Federal employees are strongly warned against using their personal emails for government business for several reasons:

  • Doing so makes it impossible for agencies to comply with the Federal Records Act and other federal laws and regulations that require the preservation of federal records, including email communications.
  • Doing so makes it impossible for federal agencies to comply with the Freedom of Information Act. In fact, we know that this has happened with the State Department, which has not fully responded to numerous FOIA requests because it did not have access to Clinton’s emails. Of course, it never told that to organizations like the Associated Press, which was forced to sue the Department over its lack of compliance with the law. According to the New York Times, a very annoyed federal judge, Richard Leon, recently told the State Department that he intended “to find out what was going on over there” or more accurately “what’s not going on over there” with the Department’s lack of response to FOIA requests from the AP that are over four years old.

Finally, you don’t have to be a skilled computer professional to know how vulnerable home computers are to unauthorized access or to realize that sensitive and classified information should  be discussed only on government computer and email communication systems.

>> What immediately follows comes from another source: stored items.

(* Let $I$ be a composition of $n$ with valley set $V$, and let $Cl_V\subseteq Cl_n$ be the subalgebra generated by $(c_v)_{v\in V}$. For $c\in Cl_V$ define $f_c:M_I\to M_I$ by $f_c(x\epsilon_I)=xc\,\epsilon_I$ for all $x\in Cl_n$. Then each $f_c$ is a well-defined endomorphism of $M_I$ as an $HCl_n(0)$-module, $c\mapsto f_c$ defines a right action of $Cl_V$ on $M_I$ (that is, $f_{cc'}=f_{c'}\circ f_c$) commuting with the left $HCl_n(0)$-action, and $c\mapsto f_c$ is a bijective, $\mathbb{Z}/2$-grading-preserving map from $Cl_V$ onto $\operatorname{End}_{HCl_n(0)}(M_I)$. In other words, it is a grading-preserving anti-isomorphism of algebras, which the paper describes as a graded isomorphism.
   Context: For a composition $I=(i_1,\dots,i_r)$ of $n$, $\operatorname{Des}(I)=\{i_1,\dots,i_1+\cdots+i_{r-1}\}\subseteq[1,n-1]$. A valley of $I$ is $k\in\{1,\dots,n\}$ with $k\notin\operatorname{Des}(I)$ and (either $k=1$ or $k-1\in\operatorname{Des}(I)$). $Cl_n$ is the complex Clifford algebra on $c_1,\dots,c_n$ with $c_ic_j=-c_jc_i$ ($i\ne j$) and $c_i^2=-1$. $HCl_n(0)$ is the complex algebra generated by $T_1,\dots,T_{n-1}$ and $c_1,\dots,c_n$ with the Clifford relations, $T_i^2=-T_i$, $T_iT_j=T_jT_i$ ($|i-j|>1$), $T_iT_{i+1}T_i=T_{i+1}T_iT_{i+1}$, $T_ic_j=c_jT_i$ ($j\ne i,i+1$), $T_ic_i=c_{i+1}T_i$, and $(T_i+1)c_{i+1}=c_i(T_i+1)$. It is $\mathbb{Z}/2$-graded with $T_i$ even and $c_j$ odd. $H_n(0)$ is the subalgebra generated by the $T_i$. $S_I=\mathbb{C}\epsilon_I$ is the $H_n(0)$-module with $T_j\epsilon_I=-\epsilon_I$ if $j\in\operatorname{Des}(I)$ and $T_j\epsilon_I=0$ otherwise, and $M_I=HCl_n(0)\otimes_{H_n(0)}S_I$. $M_I$ is a free $Cl_n$-module of rank one generated by $\epsilon_I$, with basis $c_D\epsilon_I$ for $D\subseteq\{1,\dots,n\}$ (where $c_D=c_{d_1}\cdots c_{d_k}$ for $D=\{d_1<\dots<d_k\}$), graded by the parity of $|D|$. *)

From HB Require Import structures.
From mathcomp Require Import all_boot all_order all_algebra.
From mathcomp Require Import complex.
Set Implicit Arguments. Unset Strict Implicit. Unset Printing Implicit Defensive.
Import Order.TTheory GRing.Theory Num.Theory.
Local Open Scope ring_scope.

Definition is_composition (n : nat) (I : seq nat) : bool :=
  all (fun i => 0 < i)%N I && (sumn I == n).

Definition Des (I : seq nat) : seq nat :=
  [seq sumn (take k I) | k <- iota 1 (size I).-1].

Definition is_valley (n : nat) (I : seq nat) (k : nat) : bool :=
  [&& (1 <= k <= n)%N, k \notin Des I & (k == 1%N) || (k.-1 \in Des I)].

(* The valley set V, with generator c_k indexed by the ordinal k-1 : 'I_n *)
Definition valleys (n : nat) (I : seq nat) : {set 'I_n} :=
  [set i : 'I_n | is_valley n I i.+1].

Section Ops.
Variables (C : nzRingType) (M : lmodType C) (n : nat).
(* c : nat -> (M -> M) gives the action of c_1, ..., c_n (1-based indices) *)
Variable c : nat -> M -> M.

(* c_D = c_{d_1} ... c_{d_k} for D = {d_1 < ... < d_k}, as an operator on M;
   D is a set of ordinals, the ordinal i standing for the index i+1.
   (enum of a set of ordinals lists it in increasing order.) *)
Definition cD (D : {set 'I_n}) : M -> M :=
  foldr (fun (i : 'I_n) f => c i.+1 \o f) id (enum D).

Definition ClOp (a : {ffun {set 'I_n} -> C}) : M -> M :=
  fun m => \sum_(D : {set 'I_n}) a D *: cD D m.

(* Elements of the image of Cl_n acting on M; with support restriction P on D *)
Definition in_Cl_supp (P : {set 'I_n} -> bool) (x : M -> M) : Prop :=
  exists a : {ffun {set 'I_n} -> C},
    (forall D, ~~ P D -> a D = 0) /\ x =1 ClOp a.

Those systems have very expensive, very vigorous security protections that are constantly monitored and enhanced. Yet Hillary Clinton essentially ignored this enormous risk by using her home computer system.

What plausible reason was there to set up such a personal system? I used a government-issued cell phone and BlackBerry for my voice and email communications when I worked for the Justice Department.

They were not any harder to use than Hillary Clinton’s personal device that she was running her emails and calls through.

Such facts inevitably raise questions about avoiding congressional oversight, the Freedom of Information Act, and the retention of communications by federal archivists.

One question that needs to be answered is whether Clinton’s actions also damaged the national security of the United States and put us at a disadvantage in the conduct of our foreign policy by giving hackers and foreign agencies access to high-level State Department communications and discussions.

We won’t know the answer to that question until the Justice Department conducts a thorough and intensive investigation—including a complete audit of Clinton’s home computer system.

Whether this Justice Department will conduct such an independent, credible investigation is another question.